Part one can be read here.


Airship Ambassador: Continuing our chat about some specific pieces, there is a sense of whimsy, overall, in the design, and a nice contrast in the blue and gold of the color scheme. What are the various elements which went into it?

Mark Jason Page: I really don’t want to create work that takes itself so deeply serious. I love whimsy and I’m flattered that people use that word when they look at my work. As far as the elements, I hate to sound like a broken record, but again looking at nature. I just thought, how cool would it be to have this carriage, with these brass mechanical dolphins diving up and down as gears turn and copper steam stacks blow. That’s something I’d like to see built!

AA: What kind of research, and then editing, went into creating the Regal Steam Airship and the Blue Legion, the other airship? Were there any elements which you really wanted to be in the image? Anything that you eventually removed?

MJP: To be completely honest, the Regal Steam Airship was pretty spontaneous. I just stated sketching on watercolor paper, playing around with shapes, and that image is just the result of playing around. I mean, I had in mind classic airship designs, bit I think it’s actually an appealing piece because I was having fun. When your having fun it is apparent in your work. The Blue Legion was actually kind of a sequel to The Regal Airship, or maybe I should say it was inspired by that piece.


AA: How about the Seahorse Carriage?

MJP: This piece was an effort to produce something within the same aquatic theme as the Dolphin Steam Carriage. I want to continue to produce work with this same mechanical, sea creature inspired design.

AA: And the Steam Goldfish?

MJP: This piece was really inspired by the idea of some sort of time machine, with my signature nod to nature.

AA: What can you share at this stage about the book project with these and other images?

MJP: Well the airship and other vehicles are my fine art pieces, but they might find their way into a book of some sort. As far as the book project I’m working on now, I’ll say it definitely portrays a world filled with steam punk inventions. Mostly steam punk animal inventions. I can’t say too much yet, but over the next months, you’ll see more and more revealed about the book. I’m posting quite a bit of the illustrations on Instagram (@markjpage) and I’ve tweeted some of the images as well (@mpageca) so I can hopefully start to gain a small following. I plan to start posting the work to my blog as well when I get time( By the way, I must thank you for retweeting my work on twitter. Can’t thank you enough!

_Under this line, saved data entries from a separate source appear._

(* Let $(M,(I,O))$ be a left-connected oriented map and $A=(H,\tau,\alpha)=\Lambda_1(M,(I,O))$. Then $A$ is a plane tree, and $(I,O)$ is the root-to-leaves orientation of $A$ (every non-root vertex of $A$ is incident to exactly one half-edge of $I$).
   Context: Permutations compose right to left. A map is $M=(H,\sigma,\alpha)$, $H$ finite, $\alpha$ a fixed-point-free involution, $\sigma$ a permutation, $\langle\sigma,\alpha\rangle$ transitive, root $r\in H$; vertices, edges, faces are cycles of $\sigma,\alpha,\phi=\sigma\alpha$; genus via $v-e+f=2-2g$; a plane tree is a map with one face and genus $0$. For a permutation $\pi$ and a subset $S$, $\pi_{|S}$ is obtained from the cycles of $\pi$ by erasing elements not in $S$. An orientation is a partition $H=I\uplus O$ with $\alpha(I)=O$. A left-path is a sequence $h_1,\dots,h_k\in I$ such that with $h_0=r$, for each $j$ there is $q_j>0$ with $h_{j-1}=\sigma^{q_j}(\alpha(h_j))$ and $\sigma^p(\alpha(h_j))\in O$ for $0\le p<q_j$; $(M,(I,O))$ is left-connected if every element of $I$ ends some left-path. Unfolding: take new elements $i,o\notin H$, $H'=H\cup\{i,o\}$, $I'=I\cup\{i\}$, $O'=O\cup\{o\}$, $\alpha'$ extending $\alpha$ with $\alpha'(i)=o$. $\sigma'$ is obtained from $\sigma$ by inserting $i$ just before $r$ in its cycle ($\sigma'(\sigma^{-1}(r))=i$, $\sigma'(i)=r$) and $\sigma'(o)=o$. $\pi_\circ=\sigma'_{|I'}$ regarded as a permutation of $H'$ fixing $O'$; $\tau'=\sigma'\pi_\circ^{-1}$; $\tau=\tau'_{|H}$. Then $\Lambda_1(M,(I,O))=(H,\tau,\alpha)$ with root $\tau'(i)$. *)

From mathcomp Require Import all_boot all_order all_algebra perm.
Set Implicit Arguments. Unset Strict Implicit. Unset Printing Implicit Defensive.
Import GRing.Theory.

(* Maps are given by permutations (here: functions, asserted bijective where
   needed) on a finite set H of half-edges.  Composition is right to left:
   phi = sigma alpha  means  phi x = sigma (alpha x). *)

Section Maps.
Variable H : finType.

Definition transitive_pair (s a : H -> H) : Prop :=
  forall x y, connect (fun u v => (v == s u) || (v == a u)) x y.

Definition is_map (s a : H -> H) : Prop :=
  [/\ injective s, involutive a, (forall x, a x != x) & transitive_pair s a].

Definition ncycles (f : H -> H) : nat := fcard f H.

Definition nvertices (s a : H -> H) := ncycles s.
Definition nedges (s a : H -> H) := ncycles a.
Definition nfaces (s a : H -> H) := ncycles (s \o a).

(* v - e + f, so that v - e + f = 2 - 2g *)
Definition euler_char (s a : H -> H) : int :=
  (Posz (nvertices s a) - Posz (nedges s a) + Posz (nfaces s a))%R.

Definition plane_tree (s a : H -> H) : Prop :=
  [/\ is_map s a, nfaces s a = 1%N & euler_char s a = Posz 2].

(* orientation H = I (+) O with O = ~: I and alpha(I) = O *)
Definition orientation (a : H -> H) (I : {set H}) : Prop :=
  a @: I = ~: I.

(* one step of a left-path: h_{j-1} = prev, h_j = h *)
Definition left_step (s a : H -> H) (I : {set H}) (prev h : H) : Prop :=
  h \in I /\
  exists q, [/\ (0 < q)%N, prev = iter q s (a h) &
                forall p, (p < q)%N -> iter p s (a h) \in ~: I].

(* h_1 .. h_k is a left-path starting from h_0 = prev *)
Fixpoint left_path (s a : H -> H) (I : {set H}) (prev : H) (l : seq H) : Prop :=
  match l with
  | [::] => True
  | h :: l' => left_step s a I prev h /\ left_path s a I h l'
  end.

Definition left_connected (s a : H -> H) (I : {set H}) (r : H) : Prop :=
  forall h, h \in I ->
    exists l : seq H, [/\ l != [::], left_path s a I r l & last r l = h].

End Maps.

(* restriction pi_{|S}: for x in S, the first element of S after x on the
   cycle of pi through x; the identity outside S *)
Definition restr (T : finType) (p : T -> T) (S : {set T}) (x : T) : T :=
  if x \in S then
    nth x [seq y <- [seq iter k.+1 p x | k <- iota 0 #|T|] | y \in S] 0
  else x.

(* Unfolding.  H' = H + bool, with i = inr true and o = inr false. *)
Section Unfold.
Variables (H : finType) (s a : H -> H) (I : {set H}) (r : H).

Definition HH := (H + bool)%type.
Definition ih : HH := inr true.
Definition oh : HH := inr false.

Definition sigma' (z : HH) : HH :=
  match z with
  | inl h => if s h == r then ih else inl (s h)
  | inr true => inl r
  | inr false => oh
  end.

Definition I' : {set HH} :=
  [set z : HH | match z with inl h => h \in I | inr b => b end].

Definition Hset : {set HH} := [set z : HH | if z is inl _ then true else false].

Definition pi_circ : HH -> HH := restr sigma' I'.

Definition tau' (z : HH) : HH := sigma' (finv pi_circ z).

Definition tau (h : H) : H :=
  match restr tau' Hset (inl h) with inl y => y | inr _ => h end.

(* root of Lambda_1: tau'(i)  (it lies in H; the fallback r is never used) *)
Definition unfold_root : H :=
  match tau' ih with inl y => y | inr _ => r end.

End Unfold.

From mathcomp Require Import all_boot all_order all_algebra perm.
Set Implicit Arguments. Unset Strict Implicit. Unset Printing Implicit Defensive.
Import GRing.Theory.

(* Each cycle of [tau' = sigma' pi_circ^-1] contains exactly one element of
   I' = I + {i}, its owner: the first element of I' met when iterating sigma'.
   Hence tau has |I| + 1 vertices (the root vertex is the one owned by i),
   each non-root vertex contains exactly one element of I, and alpha has |I|
   edges since the orientation picks one half-edge in each edge.  The parent
   of g in I is the owner of [alpha g]; left-connectedness says that iterating
   parent leads every g to i.  Induction from the leaves then shows that the
   face walk [tau alpha] entering the subtree of g at [alpha g] sweeps it and
   returns to the parent vertex, so [tau alpha] is a single cycle, and
   v - e + f = (|I| + 1) - |I| + 1 = 2. *)

Lemma nth_filter0 (A : eqType) (a : pred A) s k (d d' : A) :
  k < size s -> a (nth d s k) -> (forall j, j < k -> ~~ a (nth d s j)) ->
  nth d' (filter a s) 0 = nth d s k.
Proof.
elim: s k => [|x s IH] [|k] //=; first by move=> _ ->.
move=> lt_k ak before_k; rewrite (negbTE (before_k 0 (ltn0Sn _))).
by apply: IH => // j jk; apply: (before_k j.+1).
Qed.

Lemma iter_inj (T : Type) (f : T -> T) n : injective f -> injective (iter n f).
Proof. by move=> f_inj; elim: n => //= n IH x y /f_inj /IH. Qed.

Lemma fconnect_iterS (T : finType) (f : T -> T) x y :
  injective f -> fconnect f x y -> exists m, y = iter m.+1 f x.
Proof.
move=> f_inj /iter_findex <-; case: findex => [|n]; last by exists n.
by exists (order f x).-1; rewrite orderSpred iter_order.
Qed.

Section FirstHit.
Variable T : finType.
Implicit Types (p : T -> T) (S : {set T}).

Definition first_hit p S z k :=
  iter k p z \in S /\ forall j, j < k -> iter j p z \notin S.

Definition first_in p S (d z : T) :=
  nth d [seq y <- [seq iter k p z | k <- iota 0 #|T|] | y \in S] 0.

Lemma first_hit_ltn_card p S z k : injective p -> first_hit p S z k -> k < #|T|.
Proof.
move=> p_inj [kS before_k]; apply: leq_trans (max_card (fconnect p z)).
rewrite ltnNge; apply/negP => le_ord.
have: iter (k - order p z) p z \in S.
  by rewrite -{2}(iter_order p_inj z) -iterD subnK.
apply/negP/before_k.
by rewrite ltn_subrL order_gt0 (leq_trans (order_gt0 p z) le_ord).
Qed.

Lemma first_inE p S d z k :
  injective p -> first_hit p S z k -> first_in p S d z = iter k p z.
Proof.
move=> p_inj hit; have lt_k := first_hit_ltn_card p_inj hit; case: hit => kS before_k.
rewrite /first_in (nth_filter0 (k := k) (d := d)) ?size_map ?size_iota //;
  rewrite ?(nth_map 0) ?size_iota ?nth_iota //.
by move=> j jk; rewrite (nth_map 0) ?size_iota ?nth_iota ?(ltn_trans jk) //; apply: before_k.
Qed.

Lemma exists_first_hit p S z : (exists k, iter k p z \in S) -> exists k, first_hit p S z k.
Proof.
move=> ex; case: (ex_minnP ex) => m mS m_min; exists m; split=> // j jm.
by apply/negP => /m_min; rewrite leqNgt jm.
Qed.

Lemma restr_first p S x : x \in S -> restr p S x = first_in p S x (p x).
Proof.
move=> xS; rewrite /restr xS /first_in; congr (nth _ (filter _ _) _).
by apply: eq_map => k; rewrite iterSr.
Qed.

Lemma restr_notin p S x : x \notin S -> restr p S x = x.
Proof. by rewrite /restr => /negbTE ->. Qed.

Lemma restr_first_hit p S x : injective p -> x \in S ->
  exists k, first_hit p S (p x) k /\ restr p S x = iter k p (p x).
Proof.
move=> p_inj xS.
have [k hit] : exists k, first_hit p S (p x) k.
  apply: exists_first_hit; exists (order p x).-1.
  by rewrite -iterSr orderSpred iter_order.
by exists k; split => //; rewrite restr_first // (first_inE _ p_inj hit).
Qed.

Lemma restr_mem p S x : injective p -> x \in S -> restr p S x \in S.
Proof. by move=> p_inj xS; case: (restr_first_hit p_inj xS) => k [[kS _] ->]. Qed.

Lemma restr_inj p S : injective p -> injective (restr p S).
Proof.
move=> p_inj.
have le_case x y k l : x \in S -> restr p S x = restr p S y ->
    restr p S x = iter k p (p x) ->
    first_hit p S (p y) l -> restr p S y = iter l p (p y) -> k <= l -> x = y.
  move=> xS + ek [_ before_l] el kl.
  rewrite ek el -(subnKC kl) iterD => /(iter_inj p_inj).
  rewrite -iterSr iterS => /p_inj.
  case E: (l - k) => [|m] //= ex; have /before_l : m < l by rewrite -ltnS -E ltnS leq_subr.
  by rewrite -iterSr /= -ex xS.
move=> x y e; case xS: (x \in S); case yS: (y \in S).
- have [k [hk ek]] := restr_first_hit p_inj xS; have [l [hl el]] := restr_first_hit p_inj yS.
  case: (leqP k l) => kl; first exact: (le_case x y k l).
  by symmetry; apply: (le_case y x l k) => //; apply: ltnW.
- by have := restr_mem p_inj xS; rewrite e restr_notin ?yS.
- by have := restr_mem p_inj yS; rewrite -e restr_notin ?xS.
- by move: e; rewrite !restr_notin ?xS ?yS.
Qed.

End FirstHit.

Lemma ncycles_eq_card (T : finType) (f : T -> T) (R : {set T}) :
  injective f ->
  (forall x, exists2 c, c \in R & fconnect f x c) ->
  {in R &, forall c1 c2, fconnect f c1 c2 -> c1 = c2} ->
  ncycles f = #|R|.
Proof.
move=> f_inj cover sep; rewrite /ncycles.
have sym : connect_sym (frel f) by move=> x y; apply: fconnect_sym.
rewrite -(card_in_imset (f := froot f)); last first.
  by move=> c1 c2 c1R c2R /(fingraph.rootP sym); apply: sep.
rewrite /n_comp_mem; apply: eq_card => x; rewrite !inE.
apply/idP/imsetP.
- case/andP => /eqP root_x _; have [c cR xc] := cover x.
  by exists c => //; rewrite -root_x; apply/(fingraph.rootP sym).
- by case=> c cR ->; rewrite andbT roots_root.
Qed.

Lemma ncycles1 (T : finType) (f : T -> T) (c : T) :
  injective f -> (forall x, fconnect f x c) -> ncycles f = 1%N.
Proof.
move=> f_inj conn; rewrite -(cards1 c); apply: ncycles_eq_card => //.
  by move=> x; exists c; rewrite ?inE.
by move=> c1 c2; rewrite !inE => /eqP -> /eqP ->.
Qed.

Section Orientation.
Variables (T : finType) (a : T -> T) (I : {set T}).
Hypotheses (a_inv : involutive a) (orient : orientation a I).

AA: You are more than welcome, it’s my pleasure to share your work with everyone. Aside from my jaw-dropping response, what are some memorable fan reactions to your work which you’ve heard about? Aside from your website, where can people see your work in person? Are they shown at any conventions?

MJP: Well I self published a comic book called “Kana’s Island”, back in probably 2005. I sold it on my website, at little book signings, and finally in 2006 I got a booth at the San Diego Comic-Con and was one of the nominees for the “Best Newcomer” award. That was crazy, I had people coming up to my table from France and Italy who had purchased the comic online and were already fans! That blew my mind! As far as my new work, I’ve only shown in a couple of shows, but I plan to and hope to do more art shows. As a matter of fact, I will be part of a show at Disneyland in California at the Disneyana gallery on main street. The show is slated for February but the dates are still being figured out. I’ll post the dates on my website once the show is formally announced. Once my current book project is done, I will be at Comic-con again, and also hope to display my “Fantastical” airship pieces.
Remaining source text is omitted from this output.